Your objective: When the line containing "exact: sqr_ge0." appears in the entries below, begin printing there and stop after the line containing "have yB2 : y ^+ 2 <= B ^+ 2."; print each of those lines exactly and no other line.

Input records:
Lemma sqn_xtil_r (q : 'I_d -> R) x i : sqn (xtil_r q x i) = (x 0 i / q i) ^+ 2.
Proof. by rewrite /xtil_r sqn_scale sqn_delta mulr1. Qed.

Lemma xtil_r_coord (q : 'I_d -> R) x i l :
  xtil_r q x i 0 l = if i == l then x 0 i / q i else 0.
Proof. by rewrite /xtil_r !mxE eqxx /= eq_sym; case: eqP; rewrite ?mulr1 ?mulr0. Qed.

End Norms.

Section CoordinateDraw.
Variables (R : realType) (d : nat).
Implicit Types (w x : 'rV[R]_d).

Lemma pj_ge0 w j : 0 <= pj w j.
Proof.
rewrite /pj; case: ifP => _; first by rewrite invr_ge0.
by apply: divr_ge0; [exact: sqr_ge0|exact: sqn_ge0].
Qed.

Lemma sum_pj_le1 w : \sum_(j < d) pj w j <= 1.
Proof.
rewrite /pj; have [s0|s0] := eqVneq (sqn w) 0.
  rewrite sumr_const card_ord; case: (d) => [|n]; first by rewrite mulr0n.
  by rewrite -[_ *+ n.+1]mulr_natr mulVf // pnatr_eq0.
by rewrite -mulr_suml mulfV.
Qed.

(* Importance weighting by [p_j = w_j^2 / |w|^2] turns [w_j^2 / p_j] into [|w|^2]. *)
Lemma pj_mul_sqr_le w j (a : R) :
  pj w j * (w 0 j / pj w j * a) ^+ 2 <= sqn w * a ^+ 2.
Proof.
have [wj0|wj0] := eqVneq (w 0 j) 0.
  by rewrite wj0 !mul0r expr0n mulr0 mulr_ge0 ?sqn_ge0 ?sqr_ge0.
have sn0 : sqn w != 0.
  apply: contra wj0; rewrite /sqn psumr_eq0 => [/allP/(_ j (mem_index_enum _))|i _].
    by rewrite sqrf_eq0.
  exact: sqr_ge0.
rewrite exprMn mulrA ler_wpM2r ?sqr_ge0 // /pj (negbTE sn0) le_eqVlt; apply/orP; left.
by apply/eqP; field; rewrite sn0 wj0.
Qed.

Lemma sum_pj_sqr_phitil_le w x (y B : R) :
  norm2 w <= B -> norm2 x <= 1 -> `|y| <= B ->
  \sum_(j < d) pj w j * phitil w x y j ^+ 2 <= 4 * B ^+ 2.
Proof.
move=> wB x1 yB.
have yB2 : y ^+ 2 <= B ^+ 2.
  rewrite -real_normK ?num_real // lerXn2r // nnegrE //.
  by apply: le_trans wB; exact: sqrtr_ge0.
have term j : pj w j * phitil w x y j ^+ 2 <=
    2 * (sqn w * x 0 j ^+ 2) + 2 * (y ^+ 2 * pj w j).
  rewrite /phitil; set a := w 0 j / pj w j * x 0 j.
  have p0 := pj_ge0 w j; have pa := pj_mul_sqr_le w j (x 0 j).
  have : 0 <= pj w j * (a + y) ^+ 2 by rewrite mulr_ge0 ?sqr_ge0.
  rewrite -/a in pa; nra.
apply: le_trans (ler_sum _ (fun j _ => term j)) _.
rewrite big_split /= -!mulr_sumr -/(sqn x).
have wx : sqn w * sqn x <= B ^+ 2.
  rewrite -[B ^+ 2]mulr1 ler_pM ?sqn_ge0 ?sqn_le_sqr //.
  by rewrite -(expr1n R 2) sqn_le_sqr.
have yp : y ^+ 2 * \sum_(j < d) pj w j <= B ^+ 2.
  by apply: le_trans yB2; rewrite -[leRHS]mulr1 ler_wpM2l ?sqr_ge0 ?sum_pj_le1.
lra.
Qed.

End CoordinateDraw.

Section IndexDraws.
Variables (R : realType) (d k : nat) (q : 'I_d -> R).
Hypotheses (q_ge0 : forall i, 0 <= q i) (sum_q : \sum_(i < d) q i = 1).
Implicit Types (ii : {ffun 'I_k -> 'I_d}) (x : 'rV[R]_d).

Lemma qprod_ge0 ii : 0 <= qprod q ii.
Proof. exact: prodr_ge0. Qed.

Lemma sum_qprod : \sum_(ii : {ffun 'I_k -> 'I_d}) qprod q ii = 1.
Proof.
rewrite /qprod -(bigA_distr_bigA (fun (_ : 'I_k) (i : 'I_d) => q i)) /=.
by rewrite big1.
Qed.

Lemma sum_qprod_mul (f g : 'I_d -> R) (r s : 'I_k) :
  \sum_(ii : {ffun 'I_k -> 'I_d}) qprod q ii * (f (ii r) * g (ii s)) =
  if r == s then \sum_(i < d) q i * (f i * g i)
  else (\sum_(i < d) q i * f i) * (\sum_(i < d) q i * g i).
Proof.
pose F (r' : 'I_k) (i : 'I_d) :=
  q i * ((if r' == r then f i else 1) * (if r' == s then g i else 1)).
have factor ii : qprod q ii * (f (ii r) * g (ii s)) = \prod_(r' < k) F r' (ii r').
  rewrite /F !big_split /= -(big_mkcond (fun r' => r' == r)).
  by rewrite -(big_mkcond (fun r' => r' == s)) !big_pred1_eq.
have F1 r' : r' != r -> r' != s -> \sum_(i < d) F r' i = 1.
  by rewrite /F => /negbTE-> /negbTE->; under eq_bigr do rewrite !mulr1.
under eq_bigr do rewrite factor.
rewrite -(bigA_distr_bigA F) (bigD1 r) //=.
have [rs|nrs] := eqVneq r s.
  subst s; rewrite [X in _ * X]big1 ?mulr1 => [|r' nr]; last exact: F1.
  by apply: eq_bigr => i _; rewrite /F eqxx.
rewrite (bigD1 s) 1?eq_sym //= [X in _ * (_ * X)]big1 ?mulr1 => [|r' /andP[nr ns]];
  last exact: F1.
by congr (_ * _); apply: eq_bigr => i _;
  rewrite /F eqxx ?[s == r]eq_sym (negbTE nrs) ?mulr1 ?mul1r.
Qed.

Lemma xtil_coord x ii l :
  xtil q x ii 0 l = k%:R^-1 * \sum_(r < k) xtil_r q x (ii r) 0 l.
Proof. by rewrite /xtil mxE summxE. Qed.

Lemma sqr_mean_xtil_r_coord_le x l :
  (\sum_(i < d) q i * xtil_r q x i 0 l) ^+ 2 <= x 0 l ^+ 2.
Proof.
under eq_bigr => i _ do rewrite xtil_r_coord (fun_if (GRing.mul (q i))) mulr0.
rewrite -big_mkcond big_pred1_eq; have [->|ql0] := eqVneq (q l) 0.
  by rewrite mul0r expr0n sqr_ge0.
by rewrite mulrC divfK.
Qed.

Lemma sum_pairs_le (a b : R) : (0 < k)%N -> 0 <= b ->
  k%:R^-1 ^+ 2 * \sum_(r < k) \sum_(s < k) (if r == s then a else b) <=
  k%:R^-1 * a + b.
Proof.
move=> k0 b0; have kR : k%:R != 0 :> R by rewrite pnatr_eq0 -lt0n.
have row r : \sum_(s < k) (if r == s then a else b) = a + b * (k.-1)%:R.
  rewrite (bigD1 r) //= eqxx; congr (_ + _).
  transitivity (\sum_(s < k | s != r) b).
    by apply: eq_bigr => s; rewrite eq_sym => /negbTE->.
  by rewrite (eq_bigl (mem (predC1 r))) // sumr_const cardC1 card_ord mulr_natr.
rewrite (eq_bigr _ (fun r _ => row r)) sumr_const card_ord.
have -> : (k.-1)%:R = k%:R - 1 :> R by rewrite -{2}(prednK k0) -natr1 addrK.
have kb : 0 <= k%:R^-1 * b by rewrite mulr_ge0 ?invr_ge0.
suff -> : k%:R^-1 ^+ 2 * ((a + b * (k%:R - 1)) *+ k) = k%:R^-1 * a + b - k%:R^-1 * b.
  by rewrite lerBlDr lerDl.
by rewrite -[(_ + _) *+ k]mulr_natr; field.
Qed.

Lemma sum_qprod_sqn_xtil_le x : (0 < k)%N ->
  \sum_(ii : {ffun 'I_k -> 'I_d}) qprod q ii * sqn (xtil q x ii) <=
  k%:R^-1 * \sum_(i < d) q i * sqn (xtil_r q x i) + sqn x.
Proof.
move=> k0; pose c l i := xtil_r q x i 0 l.
have expand ii : qprod q ii * sqn (xtil q x ii) = \sum_(l < d) k%:R^-1 ^+ 2 *
    \sum_(r < k) \sum_(s < k) qprod q ii * (c l (ii r) * c l (ii s)).
  rewrite /sqn mulr_sumr; apply: eq_bigr => l _.
  rewrite xtil_coord exprMn expr2 [X in _ * (_ * X)]big_distrlr /= !mulr_sumr.
  by apply: eq_bigr => r _; rewrite !mulr_sumr; apply: eq_bigr => s _; rewrite mulrCA.
have coord_moment l : \sum_(ii : {ffun 'I_k -> 'I_d}) k%:R^-1 ^+ 2 *
    \sum_(r < k) \sum_(s < k) qprod q ii * (c l (ii r) * c l (ii s)) <=
    k%:R^-1 * \sum_(i < d) q i * (c l i * c l i) + x 0 l ^+ 2.
  rewrite -mulr_sumr exchange_big /=.
  under eq_bigr do rewrite exchange_big /=.
  under eq_bigr do under eq_bigr do rewrite sum_qprod_mul.
  have M0 : 0 <= (\sum_(i < d) q i * c l i) * (\sum_(i < d) q i * c l i).
    by rewrite -expr2 sqr_ge0.
  apply: le_trans (sum_pairs_le _ k0 M0) _.
  by rewrite lerD2l -expr2 sqr_mean_xtil_r_coord_le.
rewrite (eq_bigr _ (fun ii _ => expand ii)) exchange_big /=.
apply: le_trans (ler_sum _ (fun l _ => coord_moment l)) _.
rewrite big_split /= -mulr_sumr lerD2r ler_wpM2l ?invr_ge0 // exchange_big /=.
rewrite le_eqVlt; apply/orP; left; apply/eqP; apply: eq_bigr => i _.
by rewrite /sqn mulr_sumr; apply: eq_bigr => l _; rewrite -expr2.
Qed.

Lemma sum_weighted_sqr_gtil_le (w x : 'rV[R]_d) (y B : R) :
  (0 < k)%N -> norm2 w <= B -> norm2 x <= 1 -> `|y| <= B ->
  \sum_(ii : {ffun 'I_k -> 'I_d}) \sum_(j < d)
     qprod q ii * pj w j * norm2 (gtil q w x y ii j) ^+ 2 <=
  4 * B ^+ 2 * (k%:R^-1 * \sum_(i < d) q i * sqn (xtil_r q x i) + 1).
Proof.
move=> k0 wB x1 yB.
have split_draws : \sum_(ii : {ffun 'I_k -> 'I_d}) \sum_(j < d)
    qprod q ii * pj w j * norm2 (gtil q w x y ii j) ^+ 2 =
    (\sum_(j < d) pj w j * phitil w x y j ^+ 2) *
    \sum_(ii : {ffun 'I_k -> 'I_d}) qprod q ii * sqn (xtil q x ii).
  rewrite mulr_sumr; apply: eq_bigr => ii _; rewrite mulr_suml.
  by apply: eq_bigr => j _; rewrite sqr_norm2 sqn_scale; ring.
rewrite split_draws ler_pM ?sumr_ge0 ?sum_pj_sqr_phitil_le //.
- by move=> j _; rewrite mulr_ge0 ?pj_ge0 ?sqr_ge0.
- by move=> ii _; rewrite mulr_ge0 ?qprod_ge0 ?sqn_ge0.
apply: le_trans (sum_qprod_sqn_xtil_le x k0) _.
by rewrite lerD2l -(expr1n R 2) sqn_le_sqr.
Qed.

End IndexDraws.

Section Integrals.
Variables (R : realType) (d0 : measure_display) (T : measurableType d0).
Local Open Scope ereal_scope.
Implicit Types (f g : T -> \bar R).

Lemma ge0_le_integral_nonmeasurable (mu : measure T R) f g :
  (forall x, 0 <= f x) -> (forall x, f x <= g x) ->
  \int[mu]_x f x <= \int[mu]_x g x.
Proof.
move=> f0 fg; have g0 x : 0 <= g x by apply: le_trans (f0 x) (fg x).
rewrite (ge0_integralTE mu f0) (ge0_integralTE mu g0).
by apply: ereal_sup_le => _ [h hf <-]; exists h => //= x; apply: le_trans (hf x) (fg x).
Qed.

(* Adding [+oo] on the null set where [f <= g] fails keeps [g] measurable
   and its integral unchanged. *)
Lemma ge0_ae_le_integral_nonmeasurable (mu : measure T R) f g :
  (forall x, 0 <= f x) -> (forall x, 0 <= g x) -> measurable_fun setT g ->
  {ae mu, forall x, f x <= g x} -> \int[mu]_x f x <= \int[mu]_x g x.
Proof.
move=> f0 g0 mg [N [mN muN0 fgN]].
have ind0 x : setT x -> 0 <= (\1_N x : R)%:E by move=> _; rewrite lee_fin.
have mind : measurable_fun setT (fun x => (\1_N x : R)%:E).
  by apply/measurable_EFinP; exact: measurable_indic.
pose g' x := g x + +oo * (\1_N x)%:E.
apply: le_trans (ge0_le_integral_nonmeasurable mu (g := g') f0 _) _.
  move=> x; rewrite /g'; case: (pselect (N x)) => Nx.
    have gNy : g x != -oo by rewrite gt_eqF // (lt_le_trans ltNy0 (g0 x)).
    by rewrite indicE mem_set // mule1 addey ?leey.
  rewrite indicE memNset // mule0 adde0.
  by apply: contrapT => nfg; apply: Nx; apply: fgN.
have oo0 x : setT x -> 0 <= +oo * (\1_N x : R)%:E.
  by move=> _; rewrite mule_ge0 ?lee_fin.
rewrite (ge0_integralD mu measurableT (fun x _ => g0 x) mg oo0 (measurable_funeM _ mind)).
rewrite (ge0_integralZl mu measurableT mind ind0 (leey 0)).
by rewrite integral_indic // setIT muN0 mule0 adde0.
Qed.

Lemma integral_cst_probability (P : probability T R) (c : \bar R) :
  \int[P]_x c = c.
Proof.
have PT : (P : {measure set T -> \bar R}) setT = 1 := probability_setT P.
by rewrite integral_cst // PT mule1.
Qed.

Lemma integral_le_cst (P : probability T R) f (C : \bar R) :
  0 <= C -> (forall x, 0 <= f x) -> (forall x, f x <= C) -> \int[P]_x f x <= C.
Proof.
move=> C0 f0 fC.
apply: le_trans (ge0_le_integral_nonmeasurable P (g := cst C) f0 fC) _.
by rewrite integral_cst_probability.
Qed.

Output below:
  exact: sqr_ge0.
rewrite exprMn mulrA ler_wpM2r ?sqr_ge0 // /pj (negbTE sn0) le_eqVlt; apply/orP; left.
by apply/eqP; field; rewrite sn0 wj0.
Qed.

Lemma sum_pj_sqr_phitil_le w x (y B : R) :
  norm2 w <= B -> norm2 x <= 1 -> `|y| <= B ->
  \sum_(j < d) pj w j * phitil w x y j ^+ 2 <= 4 * B ^+ 2.
Proof.
move=> wB x1 yB.
have yB2 : y ^+ 2 <= B ^+ 2.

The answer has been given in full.